The residents of Spencer Court in Newburn will have been watching the demolition crews move in to tear down the development only 7 years or so after it was completed.  Heavy rain is believed to have led to a culvert on private land collapsing.  The resultant flooding carried away the ground upon which the building was constructed, leaving the piles for the foundations exposed.

Damage to a block of flats caused by flooding is almost always covered by the buildings insurance for the block.  Most leases for blocks of flats oblige the freeholder to place that insurance for the benefit of the tenants.  Cover is usually limited to the rebuild cost  of the block, which is usually less than the open market value of the leasehold and freehold interests combined.  The important thing about this is that in the event that it becomes impossible to rebuild the block most leases provide that the proceeds of the claim be dispersed proportionately amongst the policy beneficiaries.  It is this rebuild sum insured that is paid out to the leaseholders and not the open market valuation of their interests.

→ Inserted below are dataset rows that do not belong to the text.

(* For all (not necessarily typable) terms $M,N_1,N_2$ of $\lambda^{\triangleright}$: if $M\to^*N_1$ and $M\to^*N_2$, then there exists $N$ such that $N_1\to^*N$ and $N_2\to^*N$.
   Context: Terms of $\lambda^{\triangleright}$: transition variables $\alpha,\beta,\dots$; a transition $A,B$ is a finite sequence of transition variables ($\varepsilon$ empty, $AB$ concatenation). Types $\tau ::= b \mid \tau\to\tau \mid \triangleright_\alpha\tau \mid \forall\alpha.\tau$. Terms $M ::= x \mid M\,M \mid \lambda x{:}\tau.M \mid \blacktriangleright_\alpha M \mid \blacktriangleleft_\alpha M \mid \Lambda\alpha.M \mid M\,A$ (quotation, unquotation, transition abstraction, instantiation by a transition); $x$ is bound in $\lambda x{:}\tau.M$ and $\alpha$ in $\Lambda\alpha.M$. For $A=\alpha_1\cdots\alpha_n$: $\blacktriangleright_A M=\blacktriangleright_{\alpha_1}\cdots\blacktriangleright_{\alpha_n}M$, $\blacktriangleleft_A M=\blacktriangleleft_{\alpha_n}\cdots\blacktriangleleft_{\alpha_1}M$ (identity when $A=\varepsilon$), and similarly $\triangleright_A\tau$. $M[x:=N]$ is capture-avoiding term substitution; $M[\alpha:=B]$ is capture-avoiding substitution of a transition $B$ for $\alpha$, replacing $\alpha$ by $B$ in transitions and $\triangleright_\alpha,\blacktriangleright_\alpha,\blacktriangleleft_\alpha$ by $\triangleright_B,\blacktriangleright_B,\blacktriangleleft_B$. Reduction $M\to N$ is the least relation closed under all term constructors (reduction anywhere, including under binders and quotations) containing $(\lambda x{:}\tau.M)\,N\to M[x:=N]$, $\blacktriangleleft_\alpha\blacktriangleright_\alpha M\to M$, $(\Lambda\alpha.M)\,A\to M[\alpha:=A]$; $\to^*$ is its reflexive-transitive closure. *)

(* Raw (untyped) terms of lambda^triangleright, in de Bruijn
   form: term variables and transition variables are two separate de Bruijn
   namespaces (this makes substitution capture-avoiding by construction). *)
From Stdlib Require Import List Relations.
Import ListNotations.
(* Let $\alpha\in[0,\infty)^n$ be non-increasing ($\alpha_1\ge\dots\ge\alpha_n$) and let $f\colon\mathcal{B}_n\to\mathcal{H}_d$ satisfy $\|f(x)-f(y)\|\le d_\alpha(x,y)$ for all $x,y\in\mathcal{B}_n$. Let $X$ be a $\mathcal{B}_n$-valued random vector satisfying the stochastic covering property. Let $\mathcal{F}_0$ be the trivial $\sigma$-field, $\mathcal{F}_l=\sigma(X_1,\dots,X_l)$ for $l\in[n]$, and $M_l=\mathbb{E}[f(X)\mid\mathcal{F}_l]-\mathbb{E}[f(X)\mid\mathcal{F}_{l-1}]$. Then for every $l\in[n]$, $M_l^2\preccurlyeq4\alpha_l^2I_d$.
   Context: $\mathcal{B}_n=\{0,1\}^n$, $\mathcal{H}_d$ the $d\times d$ Hermitian matrices, $\|\cdot\|$ operator norm, $\preccurlyeq$ positive semidefinite order, $I_d$ identity. $d_\alpha(x,y)=\sum_i\alpha_i\mathbf{1}\{x_i\ne y_i\}$. For $S\subset[n]$, $x_S=(x_i)_{i\in S}$; $x\triangleright y$ means $x=y$ or $x=y+e_i$ for some $i$. $X$ satisfies the stochastic covering property if for every $S\subset[n]$ and $x,y\in\mathcal{B}_n$ with $x_S\triangleright y_S$ there is a coupling $(U,V)$ of $\mathcal{L}(X_{S^c}\mid X_S=y_S)$ and $\mathcal{L}(X_{S^c}\mid X_S=x_S)$ with $U\triangleright V$ a.s. *)

From HB Require Import structures.
From mathcomp Require Import all_boot all_order all_algebra.
From mathcomp Require Import classical_sets reals.
From mathcomp.real_closed Require Import complex.
Set Implicit Arguments. Unset Strict Implicit. Unset Printing Implicit Defensive.
Import Order.TTheory GRing.Theory Num.Theory.
Local Open Scope ring_scope.

(** The hypercube B_n = {0,1}^n, with coordinates indexed by 'I_n
    (coordinate i : 'I_n is coordinate i+1 of the paper). *)
Definition cube (n : nat) := {ffun 'I_n -> bool}.

Section Defs.
Variable R : realType.
Local Notation C := (R[i]).

Definition adjmx (m k : nat) (A : 'M[C]_(m, k)) : 'M[C]_(k, m) :=
  (map_mx Num.conj A)^T.

Definition is_hermitian (d : nat) (A : 'M[C]_d) : Prop := adjmx A = A.

Definition vnorm (d : nat) (v : 'cV[C]_d) : R :=
  Num.sqrt (\sum_(j < d) (complex.Re (v j 0) ^+ 2 + complex.Im (v j 0) ^+ 2)).

Definition opnorm (d : nat) (A : 'M[C]_d) : R :=
  sup [set vnorm (A *m v) | v in [set v : 'cV[C]_d | vnorm v = 1]].

(** Loewner order: A <= B iff B - A is positive semidefinite,
    i.e. v^* (B - A) v >= 0 (real and nonnegative) for all v *)
Definition loewner_le (d : nat) (A B : 'M[C]_d) : Prop :=
  forall v : 'cV[C]_d, 0 <= (adjmx v *m (B - A) *m v) 0 0.

Definition agree_on (n : nat) (S : {set 'I_n}) (x y : cube n) : bool :=
  [forall i in S, x i == y i].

It is important to note this as the Spencer Court case could be an example where it may be impossible to rebuild the properties because of the scale of the flooding and the effect on the surrounding land.  This could leave leaseholders in a difficult position if the rebuild cost is substantially less than their mortgages, it may leave them with no property but still with at least part of the mortgage to pay. 

Fortunately, such circumstances as these are rare but when the worst does happen it can have difficult financial consequences even where all parties have fulfilled their legal obligations.